Designing the Eone Timepieces watches took a conceptual revolution.
Hyungsoo Kim knew he wanted to create a practical, discrete and high-quality watch to serve the needs of visually impaired people. So he first came up with a braille design — a straightforward solution devised with a team of mostly engineers. “We didn’t care about the looks,” he said.
That was a mistake. As it turns out, only minority of visually impaired people can read Braille. And besides, they wouldn’t want a watch that silently screams: “I’m blind.” “They just don’t like the approach of designing something that is exclusively for them,” said Kim.
So he started talking to more designers. An MBA student at MIT, he started attending contests at the nearby Rhode Island School of Design, “pretending I was a RISD student,” he half-joked (while Technical.ly DC resisted cracking a Mean Girls joke).
That’s where he met two of his cofounders, David Zacker and Amanda Sim. A fourth partner, Nick Lik Hang Gu, came from Harvard’s Graduate School of Design.
With his new team, Kim came up with a futuristic design that is as simple as it is clever.
The watch expresses time through a little ball ticking its way around two concentric grooves — one for hours and one for minutes.

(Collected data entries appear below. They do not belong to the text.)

(* Let $\mu_0$ and $\mu_n$ ($n\in\mathbb N$) be discrete ensembles of states in $\mathfrak S(\mathcal H)$, $\mu_n=\{p^n_i,\rho^n_i\}$. The following are equivalent: (a) $D_*(\mu_n,\mu_0)\to0$; (b) $D_K(\mu_n,\mu_0)\to0$; (c) $\lim_{n\to\infty}\sum_ip^n_if(\rho^n_i)=\sum_ip^0_if(\rho^0_i)$ for every bounded continuous function $f$ on $\mathfrak S(\mathcal H)$ (with the trace-norm topology). In other words, both $D_*$ and $D_K$ generate the weak convergence topology on the set of discrete ensembles regarded as probability measures $\sum_ip_i\delta_{\rho_i}$.
   Context: $\mathcal H$ is a separable Hilbert space, $\mathfrak S(\mathcal H)$ the set of density operators, $\|\cdot\|_1$ the trace norm. A discrete ensemble $\{p_i,\rho_i\}$ is a finite or countable family of states $\rho_i$ with a probability distribution $\{p_i\}$; it corresponds to the probability measure $\sum_ip_i\delta_{\rho_i}$ on $\mathfrak S(\mathcal H)$ ($\delta_\rho$ the Dirac measure). $D_0(\{p_i,\rho_i\},\{q_i,\sigma_i\})=\frac12\sum_i\|p_i\rho_i-q_i\sigma_i\|_1$ for ensembles indexed by the same index set (a shorter ensemble is padded with zero-probability entries). For an ensemble $\mu$, $\mathcal E(\mu)$ is the set of all finite or countable ensembles $\{p'_j,\rho'_j\}$ with $\sum_jp'_j\delta_{\rho'_j}=\sum_ip_i\delta_{\rho_i}$, and $D_*(\mu,\nu)=\inf_{\mu'\in\mathcal E(\mu),\nu'\in\mathcal E(\nu)}D_0(\mu',\nu')$. Kantorovich distance: $D_K(\{p_i,\rho_i\},\{q_j,\sigma_j\})=\frac12\inf_{\{P_{ij}\}}\sum_{i,j}P_{ij}\|\rho_i-\sigma_j\|_1$, infimum over joint probability distributions with $\sum_jP_{ij}=p_i$, $\sum_iP_{ij}=q_j$. *)

From Stdlib Require Import Reals Lra ClassicalEpsilon.
Open Scope R_scope.

(* least upper bound of a set of reals (0 if it does not exist) *)
Definition Rsup (E : R -> Prop) : R :=
  match excluded_middle_informative (exists m, is_lub E m) with
  | left H => proj1_sig (constructive_indefinite_description _ H)
  | right _ => 0
  end.

Definition Rinf (E : R -> Prop) : R := - Rsup (fun x => E (- x)).

(* sum of a convergent real series (0 if it does not converge) *)
Definition series (s : nat -> R) : R :=
  match excluded_middle_informative (exists l, infinite_sum s l) with
  | left H => proj1_sig (constructive_indefinite_description _ H)
  | right _ => 0
  end.

Fixpoint fsum (n : nat) (f : nat -> R) : R :=
  match n with O => 0 | S n' => fsum n' f + f n' end.

Record C := mkC { re : R ; im : R }.
Definition C0 : C := mkC 0 0.
Definition C1 : C := mkC 1 0.
Definition Cadd (a b : C) : C := mkC (re a + re b) (im a + im b).
Definition Cmul (a b : C) : C :=
  mkC (re a * re b - im a * im b) (re a * im b + im a * re b).
Definition Cconj (a : C) : C := mkC (re a) (- im a).
Definition Cscale (r : R) (a : C) : C := mkC (r * re a) (r * im a).
Definition Csub (a b : C) : C := mkC (re a - re b) (im a - im b).
Definition Cmod (a : C) : R := sqrt (re a ^ 2 + im a ^ 2).
Fixpoint Csum (n : nat) (f : nat -> C) : C :=
  match n with O => C0 | S n' => Cadd (Csum n' f) (f n') end.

The ball is held in place magnetically, so even if it is misplaced with a finger, it will roll back to the right place.
“You don’t need to come up with a whole new technology to serve minorities,” he said.
Kim also came up with a tightrope marketing strategy. Eone, which is shorthand for “everyone,” is designed for visually impaired people, sure, but it’s not targeted specifically to them.
For the watches to appeal to his desired client base, Kim explained, the watch needs to be designed for everyone. “To serve their needs, it has to get a lot of traction from the mainstream design [world],” he said.
Kim estimates that only one to two percent of his customers are visually impaired — a “healthy” ratio he says he doesn’t want to change.
The business model seems to be working well. Eone is now selling a little over 1,000 watches (for $285 each) and making $150,000 to $200,000 a month, he said. He admitted, though, that “the growth is really slow” because he’s selling a physical product in the “saturated” market of designer watches.
Kim and his three cofounders, who are stretched between Hong Kong and Silicon Valley, have raised close to $600,000 on Kickstarter, $400,000 in angel funding, and are preparing to raise a Series A round.
Technical.ly DC had to wonder: Why did this Korean-born, Boston-educated entrepreneur set up shop in UberOffices Dupont?
Kim ticked off some of the other options: New York. “Too expensive.” Boston. “Everyone moves out” when they graduate. Besides, his “wife was working in D.C.”
Though he didn’t “really expect there to be a startup community” here, he admitted, that’s exactly what he has found.